■ Data shown:
Lemma cutoff_exists M delta : 0 < delta -> exists ph, cutoff M delta ph.
Proof.
  intros Hdelta.
  destruct (divergence (inv_lam_sum M + / delta)) as [N0 HN0].
  set (N := Nat.max N0 M).
  specialize (HN0 N (Nat.le_max_l _ _)). change (inv_lam_sum M + / delta < inv_lam_sum N) in HN0.
  set (c := / (inv_lam_sum N - inv_lam_sum M)).
  assert (Hinv : 0 < / delta) by (apply Rinv_0_lt_compat, Hdelta).
  assert (Hc0 : 0 < c) by (apply Rinv_0_lt_compat; lra).
  assert (Hc : c <= delta).
  { rewrite <- (Rinv_inv delta). apply Rlt_le, Rinv_lt_contravar; [nra | lra]. }
  assert (Htotal : sum_f_R0 (path_weight M c) (S N) = 1)
    by (rewrite path_weight_total by lia; unfold c; field; lra).
  exists (path_cutoff M N c). split.
  - exists (subtree (xs (S N)) (S N)). intros x Hx.
    apply path_cutoff_out. intro Hb. apply Hx, below_in_subtree, Hb.
  - intros x. split.
    + apply cond_pos_sum. intros m. apply Rmult_le_pos; [apply path_weight_ge0; lra | apply below_ind_range].
    + rewrite <- Htotal. apply sum_Rle. intros m _.
      pose proof (path_weight_ge0 M c m ltac:(lra)). pose proof (below_ind_range m x). nra.
  - intros x Hx. rewrite path_cutoff_below; auto.
  - apply path_cutoff_parent.
  - intros k. rewrite path_cutoff_step. destruct (le_dec k (S N)).
    + pose proof (path_weight_slope M c k ltac:(lra)). rewrite Rabs_pos_eq; lra.
    + rewrite Rmult_0_r, Rabs_R0. lra.
Qed.

Lemma adjoint_sub_closure u w : adjoint (closure Gr) u w -> closure Gr u w.
Proof.
  intros Hadj. pose proof (adjoint_closure_jacobi u w Hadj) as Hwu.
  destruct Hadj as [Hu [Hw _]]. split; [exact Hu | split; [exact Hw |]]. intros eps He.
  destruct (l2_path_bound u Hu) as [B [B0 HB]].
  destruct (l2_bound u Hu) as [Bu [_ HBu]], (l2_bound w Hw) as [Bw [_ HBw]].
  set (h := fun x => Cnorm2 (u x) + Cnorm2 (w x)).
  assert (Hu_h : forall x, Cnorm2 (u x) <= h x) by (intro x; pose proof (Cnorm2_ge0 (w x)); unfold h; lra).
  assert (Hw_h : forall x, Cnorm2 (w x) <= h x) by (intro x; pose proof (Cnorm2_ge0 (u x)); unfold h; lra).
  destruct (summable_tail h (Bu + Bw)) with (eps := eps / 4) as [M HM].
  { intro x. pose proof (Hu_h x). pose proof (Cnorm2_ge0 (u x)). lra. }
  { intros l Nl. unfold h. rewrite rsum_plus. specialize (HBu l Nl). specialize (HBw l Nl). lra. }
  { lra. }
  set (delta := Rmin 1 (eps / (16 * (B + 1)))).
  assert (Hdelta : 0 < delta) by (apply Rmin_glb_lt; [lra | apply Rdiv_lt_0_compat; lra]).
  assert (Hdelta1 : delta <= 1) by apply Rmin_l.
  assert (Hdelta2 : delta * (16 * (B + 1)) <= eps).
  { apply (Rmult_le_reg_r (/ (16 * (B + 1)))); [apply Rinv_0_lt_compat; lra|].
    rewrite Rmult_assoc, Rinv_r by lra. rewrite Rmult_1_r. apply Rmin_r. }
  destruct (cutoff_exists M delta Hdelta) as [ph Hph].
  assert (Hcompl : forall x a, Cnorm2 a <= h x ->
    Cnorm2 (Cscal (1 - ph x) a) <= (1 - below_ind M x) * h x).
  { intros x a Ha. eapply Rle_trans; [apply (cutoff_compl_le M delta), Hph|].
    pose proof (below_ind_range M x). apply Rmult_le_compat_l; lra. }
  exists (fun x => Cscal (ph x) (u x)), (jac (fun x => Cscal (ph x) (u x))).
  split; [split; [| reflexivity] | split; intros l Nl; specialize (HM l Nl)].
  - destruct (cutoff_support _ _ _ Hph) as [L HL]. exists L. intros x Hx. rewrite HL by exact Hx. Cring.
  - apply Rle_trans with (rsum l (fun x => (1 - below_ind M x) * h x)); [|lra].
    apply rsum_le. intros x _.
    replace (Csub (u x) (Cscal (ph x) (u x))) with (Cscal (1 - ph x) (u x)) by Cring.
    apply Hcompl, Hu_h.
  - pose proof (commutator_norm2_le M delta ph u Hph B HB l Nl).
    apply Rle_trans with (rsum l (fun x => 2 * ((1 - below_ind M x) * h x) +
                                          2 * Cnorm2 (commutator ph u x))).
    + apply rsum_le. intros x _.
      replace (Csub (w x) (jac (fun y => Cscal (ph y) (u y)) x))
        with (Csub (Cscal (1 - ph x) (w x)) (commutator ph u x))
        by (unfold commutator; rewrite Hwu; Cring).
      pose proof (Hcompl x (w x) (Hw_h x)). pose proof (Cnorm2_sub_le (Cscal (1 - ph x) (w x)) (commutator ph u x)).
      lra.
    + rewrite rsum_plus, !rsum_scal. nra.
Qed.

End Construction.
End Path.
End Jacobi.

Theorem theorem6 (V : Type) (level : V -> nat) (parent : V -> V)
  (children : V -> list V) (lam beta : V -> R)
  (Hlev : forall x, level (parent x) = S (level x))
  (Hch : forall x y, In y (children x) <-> parent y = x)
  (Hnodup : forall x, NoDup (children x))
  (Hne : forall x, (1 <= level x)%nat -> children x <> nil)
  (Hconn : forall x y, clos_refl_trans V (tree_adj parent) x y)
  (Hlam : forall x, 0 < lam x)
  (xs : nat -> V)
  (Hxlev : forall n, level (xs n) = n)
  (Hxpath : forall n, parent (xs n) = xs (S n))
  (Hdiv : cv_infty (fun N => sum_f_R0 (fun k => / lam (xs (S k))) N)) :
  ess_selfadjoint (jacobi_graph parent children lam beta).
Proof.
  intros u w. split.
  - eapply adjoint_sub_closure; eauto.
  - apply closure_sub_adjoint. intros v1 z1 v2 z2. apply jacobi_graph_symmetric; auto.
Qed.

■ What you will do:
The listing must be repeated in full, with nothing altered.

■ Answer to the exercise:
Lemma cutoff_exists M delta : 0 < delta -> exists ph, cutoff M delta ph.
Proof.
  intros Hdelta.
  destruct (divergence (inv_lam_sum M + / delta)) as [N0 HN0].
  set (N := Nat.max N0 M).
  specialize (HN0 N (Nat.le_max_l _ _)). change (inv_lam_sum M + / delta < inv_lam_sum N) in HN0.
  set (c := / (inv_lam_sum N - inv_lam_sum M)).
  assert (Hinv : 0 < / delta) by (apply Rinv_0_lt_compat, Hdelta).
  assert (Hc0 : 0 < c) by (apply Rinv_0_lt_compat; lra).
  assert (Hc : c <= delta).
  { rewrite <- (Rinv_inv delta). apply Rlt_le, Rinv_lt_contravar; [nra | lra]. }
  assert (Htotal : sum_f_R0 (path_weight M c) (S N) = 1)
    by (rewrite path_weight_total by lia; unfold c; field; lra).
  exists (path_cutoff M N c). split.
  - exists (subtree (xs (S N)) (S N)). intros x Hx.
    apply path_cutoff_out. intro Hb. apply Hx, below_in_subtree, Hb.
  - intros x. split.
    + apply cond_pos_sum. intros m. apply Rmult_le_pos; [apply path_weight_ge0; lra | apply below_ind_range].
    + rewrite <- Htotal. apply sum_Rle. intros m _.
      pose proof (path_weight_ge0 M c m ltac:(lra)). pose proof (below_ind_range m x). nra.
  - intros x Hx. rewrite path_cutoff_below; auto.
  - apply path_cutoff_parent.
  - intros k. rewrite path_cutoff_step. destruct (le_dec k (S N)).
    + pose proof (path_weight_slope M c k ltac:(lra)). rewrite Rabs_pos_eq; lra.
    + rewrite Rmult_0_r, Rabs_R0. lra.
Qed.

Lemma adjoint_sub_closure u w : adjoint (closure Gr) u w -> closure Gr u w.
Proof.
  intros Hadj. pose proof (adjoint_closure_jacobi u w Hadj) as Hwu.
  destruct Hadj as [Hu [Hw _]]. split; [exact Hu | split; [exact Hw |]]. intros eps He.
  destruct (l2_path_bound u Hu) as [B [B0 HB]].
  destruct (l2_bound u Hu) as [Bu [_ HBu]], (l2_bound w Hw) as [Bw [_ HBw]].
  set (h := fun x => Cnorm2 (u x) + Cnorm2 (w x)).
  assert (Hu_h : forall x, Cnorm2 (u x) <= h x) by (intro x; pose proof (Cnorm2_ge0 (w x)); unfold h; lra).
  assert (Hw_h : forall x, Cnorm2 (w x) <= h x) by (intro x; pose proof (Cnorm2_ge0 (u x)); unfold h; lra).
  destruct (summable_tail h (Bu + Bw)) with (eps := eps / 4) as [M HM].
  { intro x. pose proof (Hu_h x). pose proof (Cnorm2_ge0 (u x)). lra. }
  { intros l Nl. unfold h. rewrite rsum_plus. specialize (HBu l Nl). specialize (HBw l Nl). lra. }
  { lra. }
  set (delta := Rmin 1 (eps / (16 * (B + 1)))).
  assert (Hdelta : 0 < delta) by (apply Rmin_glb_lt; [lra | apply Rdiv_lt_0_compat; lra]).
  assert (Hdelta1 : delta <= 1) by apply Rmin_l.
  assert (Hdelta2 : delta * (16 * (B + 1)) <= eps).
  { apply (Rmult_le_reg_r (/ (16 * (B + 1)))); [apply Rinv_0_lt_compat; lra|].
    rewrite Rmult_assoc, Rinv_r by lra. rewrite Rmult_1_r. apply Rmin_r. }
  destruct (cutoff_exists M delta Hdelta) as [ph Hph].
  assert (Hcompl : forall x a, Cnorm2 a <= h x ->
    Cnorm2 (Cscal (1 - ph x) a) <= (1 - below_ind M x) * h x).
  { intros x a Ha. eapply Rle_trans; [apply (cutoff_compl_le M delta), Hph|].
    pose proof (below_ind_range M x). apply Rmult_le_compat_l; lra. }
  exists (fun x => Cscal (ph x) (u x)), (jac (fun x => Cscal (ph x) (u x))).
  split; [split; [| reflexivity] | split; intros l Nl; specialize (HM l Nl)].
  - destruct (cutoff_support _ _ _ Hph) as [L HL]. exists L. intros x Hx. rewrite HL by exact Hx. Cring.
  - apply Rle_trans with (rsum l (fun x => (1 - below_ind M x) * h x)); [|lra].
    apply rsum_le. intros x _.
    replace (Csub (u x) (Cscal (ph x) (u x))) with (Cscal (1 - ph x) (u x)) by Cring.
    apply Hcompl, Hu_h.
  - pose proof (commutator_norm2_le M delta ph u Hph B HB l Nl).
    apply Rle_trans with (rsum l (fun x => 2 * ((1 - below_ind M x) * h x) +
                                          2 * Cnorm2 (commutator ph u x))).
    + apply rsum_le. intros x _.
      replace (Csub (w x) (jac (fun y => Cscal (ph y) (u y)) x))
        with (Csub (Cscal (1 - ph x) (w x)) (commutator ph u x))
        by (unfold commutator; rewrite Hwu; Cring).
      pose proof (Hcompl x (w x) (Hw_h x)). pose proof (Cnorm2_sub_le (Cscal (1 - ph x) (w x)) (commutator ph u x)).
      lra.
    + rewrite rsum_plus, !rsum_scal. nra.
Qed.

End Construction.
End Path.
End Jacobi.

Theorem theorem6 (V : Type) (level : V -> nat) (parent : V -> V)
  (children : V -> list V) (lam beta : V -> R)
  (Hlev : forall x, level (parent x) = S (level x))
  (Hch : forall x y, In y (children x) <-> parent y = x)
  (Hnodup : forall x, NoDup (children x))
  (Hne : forall x, (1 <= level x)%nat -> children x <> nil)
  (Hconn : forall x y, clos_refl_trans V (tree_adj parent) x y)
  (Hlam : forall x, 0 < lam x)
  (xs : nat -> V)
  (Hxlev : forall n, level (xs n) = n)
  (Hxpath : forall n, parent (xs n) = xs (S n))
  (Hdiv : cv_infty (fun N => sum_f_R0 (fun k => / lam (xs (S k))) N)) :
  ess_selfadjoint (jacobi_graph parent children lam beta).
Proof.
  intros u w. split.
  - eapply adjoint_sub_closure; eauto.
  - apply closure_sub_adjoint. intros v1 z1 v2 z2. apply jacobi_graph_symmetric; auto.
Qed.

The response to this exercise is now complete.